Berbagai pihak, termasuk negara lain, pakar hukum internasional, serta lembaga hak asasi manusia, menilai bahwa tindakan Washington menciptakan preseden berbahaya yang dapat mengikis norma-norma dasar hubungan internasional. Kritik ini datang dari berbagai penjuru dunia dan menggarisbawahi kekhawatiran bahwa serangan tersebut tidak hanya berdampak pada hubungan bilateral AS-Venezuela, tetapi juga pada stabilitas kawasan dan supremasi hukum internasional.
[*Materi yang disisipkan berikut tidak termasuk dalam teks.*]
Lemma trace_adT_br u v : trace (adT u \o br v) = trace (br u \o adT v).
Proof.
rewrite -(trace_form_adj B_form (linear_comp (adT_linear u) (br_linearr v))).
rewrite (eq_trace (form_adj_comp B_form (adT_linear u) (br_linearr v))).
rewrite (eq_trace (g := adT v \o br u)) ?(traceC (adT_linear v) (br_linearr u)) //.
by move=> x /=; rewrite form_adj_adT.
Qed.

Variable D : V -> V -> V.
Hypothesis D_lc : is_levi_civita br B D.

Lemma levi_civitaE u v : D u v = 2^-1 *: (br u v - adT u v - jmap u v).
Proof.
apply: (form_inj B_form) => w; have := D_lc u v w.
rewrite (scalZ (form_scalarl B_form w)) !(scalB (form_scalarl B_form w)) adTP jmapP.
rewrite (formC B_form (br w u)) (formC B_form (br w v)) (brC w u) (brC w v).
by rewrite !(scalN (form_scalarr B_form _)) => <-; field.
Qed.

Lemma levi_civita_br u w v : D (br u w) v = - 2^-1 *: adT v (br u w).
Proof. by rewrite levi_civitaE br_central adT_br subrr sub0r scalerN -scaleNr. Qed.

Lemma levi_civita_swap w v : D w v = - 2^-1 *: (br v w + jmap v w + adT v w).
Proof. by rewrite levi_civitaE (brC w v) scaleNr -scalerN !opprD. Qed.

Lemma levi_civita_comp u v w : D u (D w v) = 4^-1 *: (adT u (br v w)
  - br u (adT v w) + jmap u (jmap v w) + jmap u (adT v w) - br u (jmap v w)).
Proof.
apply: (form_inj B_form) => x; rewrite levi_civitaE levi_civita_swap.
rewrite (linZ (br_linearr u)) (linZ (adT_linear u)) (linZ (jmap_linear u)).
rewrite !(linD (br_linearr u)) !(linD (adT_linear u)) !(linD (jmap_linear u)).
rewrite br_centralr adT_jmap adT_adT jmap_br.
have Bx := form_scalarl B_form x.
by rewrite !(scalZ Bx, scalB Bx, scalD Bx, scal0 Bx); field.
Qed.

Lemma trace_levi_civita_br u v :
  trace (fun w => D (br u w) v) = - 2^-1 * trace (adT v \o br u).
Proof.
rewrite (eq_trace (g := fun w => - 2^-1 *: adT v (br u w))) ?traceZ // => w.
by rewrite levi_civita_br.
Qed.

Lemma trace_levi_civita_comp u v :
  trace (fun w => D u (D w v)) = 4^-1 * trace (jmap u \o jmap v).
Proof.
rewrite (eq_trace (levi_civita_comp u v)) traceZ !traceD !traceN.
by rewrite trace_adT_br subrr add0r trace_jmap_adT trace_br_jmap subr0 addr0.
Qed.

Lemma trace_levi_civita_right x : trace (fun w => D w x) = 0.
Proof.
rewrite (eq_trace (fun w => levi_civita_swap w x)) traceZ !traceD.
by rewrite trace_br trace_jmap trace_adT !addr0 mulr0.
Qed.

Lemma ricciE u v : ricci br D u v =
  - 2^-1 * trace (adT v \o br u) - 4^-1 * trace (jmap u \o jmap v).
Proof.
rewrite /ricci /curvature -/(trace _) !traceD traceN.
by rewrite trace_levi_civita_br trace_levi_civita_comp trace_levi_civita_right addr0.
Qed.

Lemma trace_adT_brE u v :
  trace (adT v \o br u) = \sum_k B (br u 'e_k) (br v (dual B k)).
Proof. by rewrite (trace_form B_form); apply: eq_bigr => k _; rewrite adTP. Qed.

Lemma trace_adT_br_scalarl v : scalar (fun u => trace (adT v \o br u)).
Proof.
move=> a x y; rewrite !trace_adT_brE mulr_sumr -big_split.
by apply: eq_bigr => k _; rewrite br_linearl (form_scalarl B_form).
Qed.

Lemma trace_adT_br_scalarr u : scalar (fun v => trace (adT v \o br u)).
Proof.
move=> a x y; rewrite !trace_adT_brE mulr_sumr -big_split.
by apply: eq_bigr => k _; rewrite br_linearl (form_scalarr B_form).
Qed.

Definition psi c := \sum_k br (jmap c 'e_k) (dual B k).

Lemma trace_jmap_comp u c : trace (jmap u \o jmap c) = B u (psi c).
Proof.
rewrite (trace_form B_form) (scal_sum (form_scalarr B_form u)).
by apply: eq_bigr => k _; rewrite jmapP.
Qed.

Lemma psi_central c w : br (psi c) w = 0.
Proof. by rewrite (lin_sum (br_linearl w)) big1 // => k _; rewrite br_central. Qed.

Lemma psi_linear : linear psi.
Proof.
move=> a x y; rewrite /psi scaler_sumr -big_split /=; apply: eq_bigr => k _.
by rewrite /jmap /= adT_linear br_linearl.
Qed.

Lemma sum_trace_jmap_comp : \sum_k trace (jmap 'e_k \o jmap (dual B k)) =
  - \sum_k trace (adT (dual B k) \o br 'e_k).
Proof.
transitivity (\sum_k \sum_i B 'e_k (br (adT 'e_i (dual B k)) (dual B i))).
  apply: eq_bigr => k _; rewrite (trace_form B_form).
  by apply: eq_bigr => i _; rewrite /= jmapP.
rewrite exchange_big /=.
transitivity (- \sum_i trace (adT 'e_i \o br (dual B i))); last first.
  congr (- _); apply/esym.
  apply: (sum_dual_swap B_form (F := fun u v => trace (adT v \o br u))).
  - exact: trace_adT_br_scalarl.
  - exact: trace_adT_br_scalarr.
rewrite -sumrN; apply: eq_bigr => i _.
rewrite (sum_dual_swap B_form (F := fun x y => B x (br (adT 'e_i y) (dual B i)))).
- rewrite -(traceC (br_linearr _) (adT_linear _)) (trace_form B_form) -sumrN.
  apply: eq_bigr => k _ /=.
  by rewrite (formC B_form) brC (scalN (form_scalarl B_form _)).
- by move=> y a x z; rewrite (form_scalarl B_form).
- by move=> x a y z; rewrite adT_linear br_linearl (form_scalarr B_form).
Qed.

Variable lambda : R.
Hypothesis ricci_einstein : forall u v, ricci br D u v = lambda * B u v.

Lemma psi_sqr u : psi (psi u) = (- 4 * lambda) *: psi u.
Proof.
apply: (form_inj B_form) => w; have := ricci_einstein (psi u) w.
rewrite ricciE (trace0 (f := adT w \o br (psi u))) => [|x /=]; last first.
  by rewrite psi_central (lin0 (adT_linear w)).
rewrite (traceC (jmap_linear _) (jmap_linear _)) trace_jmap_comp => einstein.
rewrite (scalZ (form_scalarl B_form w)) -mulrA -einstein (formC B_form w).
by field.
Qed.

Lemma trace_psi : trace psi = 4 * lambda * n%:R.
Proof.
set F := \sum_k trace (adT (dual B k) \o br 'e_k).
have trace_psiE : trace psi = - F.
  rewrite -sum_trace_jmap_comp (trace_form B_form); apply: eq_bigr => k _.
  by rewrite (formC B_form) -trace_jmap_comp (traceC (jmap_linear _) (jmap_linear _)).
have : \sum_k ricci br D 'e_k (dual B k) = lambda * n%:R.
  under eq_bigr => k _ do rewrite ricci_einstein (form_dualr B_form) !mxE !eqxx mulr1.
  by rewrite sumr_const card_ord mulr_natr.
under eq_bigr => k _ do rewrite ricciE.
rewrite big_split /= sumrN -!mulr_sumr sum_trace_jmap_comp -/F => einstein.
rewrite trace_psiE; have -> : - F = 4 * (- 2^-1 * F - 4^-1 * - F) by field.
by rewrite einstein mulrA.
Qed.

Lemma einstein_const_mul_dim : lambda * n%:R = 0.
Proof.
have [->|lambda_neq0] := eqVneq lambda 0; first by rewrite mul0r.
have c_neq0 : - 4 * lambda != 0 by rewrite mulf_eq0 negb_or oppr_eq0 pnatr_eq0.
pose P x := (- 4 * lambda)^-1 *: psi x.
have P_linear : linear P.
  by move=> a x y; rewrite /P psi_linear scalerDr !scalerA mulrC.
have P_idem : P \o P =1 P.
  by move=> x; rewrite /P /= (linZ psi_linear) psi_sqr !scalerA divfK.
have := trace_idempotent P_linear P_idem.
rewrite /P traceZ trace_psi.
have -> : (- 4 * lambda)^-1 * (4 * lambda * n%:R) = - n%:R by field.
move=> n_rank; have n0 : (n%:R : R) = 0.
  by apply/eqP; rewrite eq_le ler0n andbT -oppr_ge0 n_rank ler0n.
by rewrite n0 mulr0.
Qed.

End TwoStepNilpotent.

Theorem mainTheorem6 (R : realType) (n : nat)
  (br : 'rV[R]_n -> 'rV[R]_n -> 'rV[R]_n) (B : 'rV[R]_n -> 'rV[R]_n -> R)
  (D : 'rV[R]_n -> 'rV[R]_n -> 'rV[R]_n) (lambda : R) :
  is_lie_bracket br ->
  is_nondeg_sym_form B ->
  two_step_nilpotent br ->
  is_levi_civita br B D ->
  (forall u v : 'rV[R]_n, ricci br D u v = lambda * B u v) ->
  lambda = 0.
Proof.
move=> br_lie B_form [[x [y xy_neq0]] br_central] D_lc einstein.
have n_neq0 : (n%:R : R) != 0.
  rewrite pnatr_eq0; apply: contraNneq xy_neq0 => n0.
  by apply/eqP/rowP => i; have := ltn_ord i; rewrite [X in (_ < X)%N]n0.
have := einstein_const_mul_dim br_lie B_form br_central D_lc einstein.
by move/eqP; rewrite mulf_eq0 (negbTE n_neq0) orbF => /eqP.
Qed.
Kronologi Singkat Situasi Dari Serangan AS ke Venezuela
Tindakan militer AS yang paling menonjol terjadi pada awal Januari 2026, ketika pasukan AS melakukan operasi yang berujung pada penangkapan Presiden Nicolás Maduro dan istrinya, Cilia Flores. Operasi itu juga melibatkan serangan di sejumlah lokasi strategis di ibu kota Caracas dan daerah lain di Venezuela. Pemerintah AS, melalui pernyataan resmi, mengklaim serangan tersebut merupakan bagian dari upaya menegakkan hukum dan menangani ancaman yang mereka identifikasi, termasuk tuduhan terkait kejahatan narkotika dan terorisme yang ditujukan kepada pimpinan Venezuela. Namun, rincian latar belakang serta justifikasi hukum yang digunakan oleh Washington tidak diakui oleh banyak negara.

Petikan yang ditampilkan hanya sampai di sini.